Project: Houses of Tomorrow, by Robert Boyce and Jan Tichy
Grantee: Elmhurst Art Museum, Elmhurst, Ill.
Graham Foundation project description: Houses of Tomorrow encompasses an exhibition and programming that explores the groundbreaking work of Keck and Keck, two architect brothers from Chicago working in the early part of the 20th century, and follows how their innovative ideas have evolved through today. For the 1933 World’s Fair in Chicago, George Fred Keck developed a visionary design for a new, modernized home and called it the House of Tomorrow. His House of Tomorrow was the first glass house in America, predating the same uses and adaptations of these materials and methods driven into popularity (or notoriety) by modernists such as Mies van der Rohe by more than 15 years. By furthering efficiency issues from their own House of Tomorrow, Keck and Keck innovated new designs to become the first solar architects. The exhibition shows how their development of passive solar energy and other modern construction methods were early precursors to the sustainable building practices of today.
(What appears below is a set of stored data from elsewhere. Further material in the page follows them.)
Lemma sort_chain s :
  uniq s -> {in s &, forall x y, (x >=< y)%O} -> is_chain (sort <=%O s).
Proof.
move=> hu hc; rewrite /is_chain lt_sorted_uniq_le sort_uniq hu /=.
by apply: (sort_sorted_in (P := mem s)) => //; apply/allP.
Qed.

Lemma maximal_chain_mem C u :
  maximal_chain C -> {in C, forall y, (u >=< y)%O} -> u \in C.
Proof.
move=> [hC hmax] hu; apply/negPn/negP => huC.
have hcmp : {in u :: C &, forall x y, (x >=< y)%O}.
  move=> x y; rewrite !inE => /predU1P[->|hx] /predU1P[->|hy].
  - exact: comparablexx.
  - exact: hu.
  - by rewrite comparable_sym hu.
  - exact: chain_comparable hC hx hy.
have huniq : uniq (u :: C) by rewrite /= huC lt_sorted_uniq.
have hsort := sort_chain huniq hcmp.
have hCsort : {subset C <= sort <=%O (u :: C)}.
  by move=> y hy; rewrite mem_sort inE hy orbT.
by move: (hmax _ hsort hCsort u); rewrite mem_sort mem_head (negbTE huC) => /(_ isT).
Qed.

Lemma maximal_chain_head C x0 u : maximal_chain C -> ~ (u < nth x0 C 0)%O.
Proof.
move=> hC hu; have [hCc _] := hC.
have hCu : {in C, forall y, (u <= y)%O}.
  move=> y hy; rewrite (ltW (lt_le_trans hu _)) //.
  by rewrite -(nth_index x0 hy) chain_nth_le ?index_mem.
have huC : u \in C by apply: maximal_chain_mem => // y /hCu /le_comparable.
have := chain_nth_le x0 hCc (i := 0) (j := index u C).
by rewrite index_mem huC nth_index // => /(_ isT) /(lt_le_trans hu); rewrite ltxx.
Qed.

Lemma chain_grow t : is_chain t -> ~ maximal_chain t ->
  exists2 t', is_chain t' & {subset t <= t'} /\ size t < size t'.
Proof.
move=> ht hmax.
have [t' ht' [htt' [u hut' hut]]] : exists2 t', is_chain t' &
    {subset t <= t'} /\ exists2 u, u \in t' & u \notin t.
  apply: NNPP => hno; apply: hmax; split => // t' ht' htt' u hut'.
  by apply: NNPP => hut; apply: hno; exists t' => //; split => //; exists u => //; apply/negP.
exists t' => //; split => //.
have huniq : uniq (u :: t) by rewrite /= hut lt_sorted_uniq.
by apply: (uniq_leq_size huniq) => y /predU1P[-> //|/htt'].
Qed.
Project: Accumulation: The Art, Architecture, and the Media of Climate Change, by Nick Axel, Daniel A. Barber, Nikolaus Hirsch, and Anton Vidokle
Grantee: E-flux Architecture, New York
Graham Foundation project description: Although we can experience weather, we can only understand climate through media. This volume examines a new epistemological location for media as a site for scholarly analysis. Familiar causal assumptions, relationships between interior and exterior, and specters of instrumentality and hope inform how methods and objects are framed and become available for inquiry. The processes leading to climatic changes are slow and agglomerative, and resist familiar forms of representation. Scholars of art, architecture, and media have explored new analytic methods and historical narratives. Humanistic inquiry has, in this sense, encountered a threatened environment through embracing uncertainty, unpredictability, and risk. The cultural imaginary exploring biotic processes and social systems is in transition and can be critically evaluated for the visions of the future it contains. Images and the mediatic propensities that they elicit, as the essays in this volume demonstrate, are caught between conditioned passivity and renewed urgency.